Clause 178 is dealing with the vacancy condition, which is one of the conditions for permitting letting or rental auctions by local authorities. My question is probing, to do with certainty. Clause 178 (4) mentions
“Occupation by … a trespasser, or … a person living in premises that are not designed or adapted for residential use”,
but goes on to say that
“this is not to count for the purposes of this section”.
Since the section deals with both what is occupied and what is not to count as occupation, it is unclear what that means. I ask the Minister to make it clear.
I think the intention must be that where a trespasser is in occupation or there is
“a person living in premises that are not designed or adapted for residential use”,
the premises are not to be treated as unoccupied for the purposes of Clause 178(1). That is my understanding. If that is incorrect and it is intended that they should be treated as unoccupied, the amendment provides that if a landlord has taken possession proceedings, they are not to be treated as unoccupied. It is really a question of clarity as to what Clause 178(4) is meant to do here. If the Minister can give a clear explanation from the Dispatch Box, that would help me and may be the end of the matter.
My Lords, I am grateful to the noble and learned Lord, Lord Etherton, for identifying what I believe to be an unintended consequence in connection with the proposed forced auctions of high street property. I am pleased to add my name in support of Amendment 418.
Following many years of practice as a chartered surveyor, specifically in the commercial property market, I am well aware that one of the most difficult challenges that landlords of vacant property can face is that of the unauthorised or illegal occupation of their premises. Securing legal and legitimate possession from an occupier who refuses to leave is expensive and time-consuming and can easily—and unfairly—add to the long list of bad landlord stories.
If that unauthorised occupation involves residential property, the problems of cost and delay can increase significantly. I appreciate that the clause we are referring to does not refer to residential occupation, but commercial shops are frequently let to sole traders who use an upper floor storage space informally as residential accommodation. It is outside the terms of the lease, but it may remain a fact, so it is worth pointing out that residential occupation comes into this amendment.

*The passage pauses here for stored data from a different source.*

Fixpoint Cn (n : nat) (g : R -> R) : Prop :=
  match n with
  | 0 => continuous g
  | n.+1 => (forall x, derivable g x 1) /\ Cn n (derive1 g)
  end.

Lemma derivable1_continuous g x : derivable g x 1 -> {for x, continuous g}.
Proof. by move=> /derivable1_diffP /differentiable_continuous. Qed.

Lemma CnW n g : Cn n.+1 g -> Cn n g.
Proof.
elim: n g => [|n IH] g [dg Hg] /=; first by move=> x; apply: derivable1_continuous.
by split => //; apply: IH.
Qed.

Lemma derive1_is_derive g d : (forall x, is_derive x 1 g (d x)) -> derive1 g = d.
Proof. by move=> H; apply: funext => x; rewrite derive1E derive_val. Qed.

Lemma Cn_cst n (c : R) : Cn n (fun=> c).
Proof.
elim: n c => [|n IH] c /=; first by move=> x; apply: cvg_cst.
split=> [x|]; first exact: derivable_cst.
by rewrite (@derive1_is_derive _ (fun=> 0)) // => x; apply: is_derive_cst.
Qed.

Lemma Cn_id n : Cn n id.
Proof.
case: n => [|n] /=; first by move=> x.
split; first by move=> x; apply: derivable_id.
by rewrite (@derive1_is_derive _ (fun=> 1)); first exact: Cn_cst.
Qed.

Lemma CnD n f g : Cn n f -> Cn n g -> Cn n (fun x => f x + g x).
Proof.
elim: n f g => [|n IH] f g /=; first by move=> cf cg x; exact: (continuousD (cf x) (cg x)).
move=> [df Hf] [dg Hg]; split=> [x|]; first exact: derivableD.
suff -> : derive1 (fun x => f x + g x) = (fun x => derive1 f x + derive1 g x) by exact: IH.
by apply: derive1_is_derive => x /=; rewrite !derive1E; apply: is_deriveD.
Qed.

Lemma CnM n f g : Cn n f -> Cn n g -> Cn n (fun x => f x * g x).
Proof.
elim: n f g => [|n IH] f g /=; first by move=> cf cg x; exact: (continuousM (cf x) (cg x)).
move=> [df Hf] [dg Hg]; split=> [x|]; first exact: derivableM.
suff -> : derive1 (fun x => f x * g x) = (fun x => f x * derive1 g x + g x * derive1 f x).
  by apply: CnD; apply: IH => //; apply: CnW.
by apply: derive1_is_derive => x /=; rewrite !derive1E; apply: is_deriveM.
Qed.

Lemma Cn_comp n g u : Cn n g -> Cn n u -> Cn n (g \o u).
Proof.
elim: n g u => [|n IH] g u /=; first by move=> cg cu x; apply: continuous_comp; [apply: cu|apply: cg].
move=> [dg Hg] [du Hu].
have Dgu x : is_derive x 1 (g \o u) (derive1 g (u x) * derive1 u x).
  by rewrite !derive1E; apply: is_derive1_comp.
split=> [x|]; first by case: (Dgu x).
rewrite (@derive1_is_derive _ _ Dgu).
by apply: (@CnM _ (derive1 g \o u)) => //; apply: IH => //; apply: CnW.
Qed.

Lemma CnV n d : (forall x, d x != 0) -> Cn n d -> Cn n (fun x => (d x)^-1).
Proof.
move=> d0; elim: n d d0 => [|n IH] d d0 /=; first by move=> cd x; exact: (continuousV (d0 x) (cd x)).
move=> [dd Hd]; split=> [x|]; first exact: derivableV.
suff -> : derive1 (fun x => (d x)^-1) = (fun x => -1 * ((d x)^-1 * (d x)^-1) * derive1 d x).
  apply: (@CnM _ (fun x => -1 * ((d x)^-1 * (d x)^-1))) => //.
  apply: (@CnM _ (fun=> -1)); first exact: Cn_cst.
  by apply: (@CnM _ (fun x => (d x)^-1)); apply: IH => //; apply: CnW.
apply: derive1_is_derive => x; rewrite derive1E.
apply: is_derive_eq; first exact: (is_deriveV (d0 x) (derivableP (dd x))).
by rewrite scaleRE; field; exact: d0.
Qed.

Lemma Cn_affine n (a b : R) : Cn n (fun t => a * t + b).
Proof.
by apply: (@CnD _ (fun t => a * t)); [apply: (@CnM _ (fun=> a)); [apply: Cn_cst|apply: Cn_id]|apply: Cn_cst].
Qed.

Lemma normr_horner_le p (s : R) : 1 <= s ->
  `|p.[s]| <= (\sum_(i < size p) `|p`_i|) * s ^+ size p.
Proof.
move=> s1; rewrite horner_coef mulr_suml.
apply: (le_trans (ler_norm_sum _ _ _)); apply: ler_sum => i _.
rewrite normrM ler_wpM2l // ger0_norm ?exprn_ge0 ?(le_trans _ s1) //.
by apply: ler_weXn2l => //; apply: ltnW.
Qed.

(* The bound comes from s ^+ (k + 2) <= (k + 2)! * expR s with s = t^-1. *)
Lemma horner_inv_expN_le p (e : R) : 0 < e -> exists2 d : R, 0 < d &
  forall t, 0 < t < d -> `|p.[t^-1] * expR (- t^-1)| <= e * t.
Proof.
move=> e0; set k := size p; set A := \sum_(i < k) `|p`_i|.
set C := A * (k.+2)`!%:R.
have A0 : 0 <= A by apply: sumr_ge0.
have C0 : 0 <= C by apply: mulr_ge0.
exists (Num.min 1 (e / (C + 1))); first by rewrite lt_min ltr01 /= divr_gt0 // ltr_wpDl.
move=> t /andP[t0]; rewrite lt_min => /andP[t1 te].
set s := t^-1.
have s1 : 1 <= s by rewrite /s -invr1 lef_pV2 ?posrE // ltW.
have s0 : 0 < s by rewrite /s invr_gt0.
have st : s * t = 1 by rewrite /s mulVf // gt_eqF.
have s_exp : s ^+ k.+2 <= (k.+2)`!%:R * expR s.
  have := expR_ge1Dxn k.+1 (ltW s0).
  rewrite -ler_pdivrMl ?ltr0n ?fact_gt0 // => /(le_trans _); apply.
  by rewrite mulrC lerDr.
rewrite normrM (ger0_norm (expR_ge0 _)).
apply: (@le_trans _ _ (A * s ^+ k * expR (- s))).
  by rewrite ler_wpM2r ?expR_ge0 // normr_horner_le.
have -> : A * s ^+ k * expR (- s) = A * (s ^+ k.+2 * expR (- s)) * (t * t).
  rewrite -addn2 exprD expr2.
  transitivity (A * s ^+ k * expR (- s) * ((s * t) * (s * t))); first by rewrite st !mulr1.
  ring.
apply: (@le_trans _ _ (C * (t * t))).
  rewrite ler_wpM2r ?mulr_ge0 ?(ltW t0) // /C ler_wpM2l //.
  by rewrite expRN ler_pdivrMr ?expR_gt0.
have tC : C * t <= e.
  apply: (@le_trans _ _ ((C + 1) * t)); first by rewrite ler_wpM2r ?(ltW t0) // lerDl.
  by rewrite mulrC -ler_pdivlMr ?ltr_wpDl // (ltW te).
by rewrite mulrA ler_wpM2r ?(ltW t0).
Qed.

Amendment 418 is designed to protect a landlord from enforcement by the local authority of the auction process when they are already doing their very best to secure vacant possession. They are trying to get rid of an unauthorised occupier. Without this possession, it becomes impossible to let the property. Who would conceive of signing a lease for a shop as a tenant with an illegal trader already in place? Surely it is wrong to penalise the landlord who is keen to let their property but is unable to do so. While legal action is under way, that landlord receives no rent and is probably paying interest on a commercial mortgage. They are likely in breach of their rental income covenants with the bank, so may be verging on defaulting on that loan, and are likely employing costly solicitors to pursue legal action for recovery of their property. Yet, by this Bill, they could be accused of keeping a property vacant.
The clock should not start on the period defined as “lying vacant” until the property is vacant and is in the landlord’s gift to be let to a tenant. I do not believe that it is the Government’s intention to auction off commercial premises that are the subject of legal action to recover possession, so I ask the Minister to ensure that, while legal proceedings are under way to secure possession, the landlord does not inadvertently fall into the trap of effective confiscation by the authorities.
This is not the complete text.